Inside, all doors and windows boarded up, whiskey, gin & vodka in good supply, if the power goes off ice may be a problem. Seriously though the rain and winds have just picked up (15:30hrs) so we will see what happens, looks like it will be much closer than previously predicted. Will update later as communications permit, we wish everybody on all three islands the best of luck. God Bless.
Sam & Alun, West Bay, Grand Cayman

I have heard from family members in Georgetown, in the Cayman Islands, that the airport tower is destroyed and the fire-station is blown away. The sea surge has gone from one side to the other in parts. Shelter roofs have been blown off and there are masses of serious damage.
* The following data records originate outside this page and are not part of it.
Lemma gform_jacobi_test_vector U : gform G X U = 0 ->
  gform G (jacobi_op G (antiClifford_tensor G J mu0 mu) Y X) U = - gform G Y (U *m P).
Proof.
move=> XU; rewrite jacobi_antiClifford // mulmx_shift.
rewrite gformDl gformZl gformDl gformNl !gformZl XU mulr0 add0r (gformC X Y) //.
rewrite gform_suml gformDr gformZr gform_sumr opprD -sumrN.
congr (_ + _); first by rewrite mulrN mulrA mu0_gform_YX.
apply: eq_bigr => i _; rewrite gformZl gformZr (gformC (X *m J i)) // Y_XJ J_skew.
by field; rewrite mu_neq0.
Qed.

End TestVector.

Theorem not_totally_jacobi_dual :
  ~ totally_jacobi_dual G (antiClifford_tensor G J mu0 mu).
Proof.
move=> dual; have [U [XU UPS]] := exists_orthogonal_outside.
have [Y [Y_XJ YUP]] := exists_test_vector UPS.
have Y_neq0 : Y != 0.
  by apply/eqP => Y0; move/eqP: YUP; rewrite Y0 /gform !mul0mx mxE eq_sym oner_eq0.
have eig : is_eigenvector (jacobi_op G (antiClifford_tensor G J mu0 mu) X) Y.
  by split=> //; exists 0; rewrite scale0r jacobi_X_test_vector.
have [_ [lam JYX]] := dual X Y X_neq0 eig.
have /eqP := gform_jacobi_test_vector Y_XJ XU.
by rewrite JYX gformZl XU mulr0 YUP eq_sym oppr_eq0 oner_eq0.
Qed.

End Witness.

Theorem mainTheorem7 (R : realType) (n m : nat) (G : 'M[R]_n)
  (J : 'I_m -> 'M[R]_n) (mu0 : R) (mu : 'I_m -> R) :
  scalar_product_space G ->
  (n > 2 * m)%N ->
  (forall i, skew_adjoint G (J i)) ->
  (forall i j, J i *m J j + J j *m J i = (2 * (i == j)%:R)%:M) ->
  (forall i, mu i != 0) ->
  forall (theta0 : R) (theta : 'I_m -> R) (X : 'rV[R]_n),
    (theta0 != 0 \/ exists i, theta i != 0) ->
    X != 0 ->
    theta0 *: X + \sum_(i < m) theta i *: (X *m J i) = 0 ->
    theta0 ^+ 2 = \sum_(i < m) theta i ^+ 2 ->
    \sum_(i < m) theta i ^+ 2 = - mu0 * \sum_(i < m) theta i ^+ 2 / (3 * mu i) ->
    ~ totally_jacobi_dual G (antiClifford_tensor G J mu0 mu).
Proof.
move=> [G_sym G_unit] dim_gt J_skew J_clifford mu_neq0 th0 th X th_neq0 X_neq0.
move=> X_rel th0_sqr mu0_rel.
have th0_neq0 : th0 != 0.
  apply/eqP => th00; move: th0_sqr; rewrite th00 expr0n /= => /esym /sum_sqr_eq0 th0s.
  by case: th_neq0 => [|[i]]; rewrite ?th00 ?th0s eqxx.
exact: (not_totally_jacobi_dual G_sym G_unit dim_gt J_skew J_clifford mu_neq0
  th0_neq0 X_neq0 X_rel th0_sqr mu0_rel).
Qed.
The people I speak to say they know that HMS has three war ships heading to Jamaica but they want to be told if these are going to be there and if so when can they expect help to arrive.
Jackie Simmons, Miami, Florida

My sister lives in Grand Cayman, and thankfully we have made contact with her. The island is decimated, people are trapped in their houses, people are missing, this is a British island, why no news of the devastation? Georgetown is in a terrible state and the island is cut in two.
Marion Baker, Tetbury, Glos, UK

I have friends living on Grand Cayman. I received a telephone call yesterday evening from her parents to say that that both her and husband are OK but that there is total devastation. We have been very disappointed in the coverage, all the news seemed to centre on both Jamaica and Cuba whilst Cayman received the full brunt of Hurricane Ivan - very disappointing considering it is British and has a huge ex-pat community.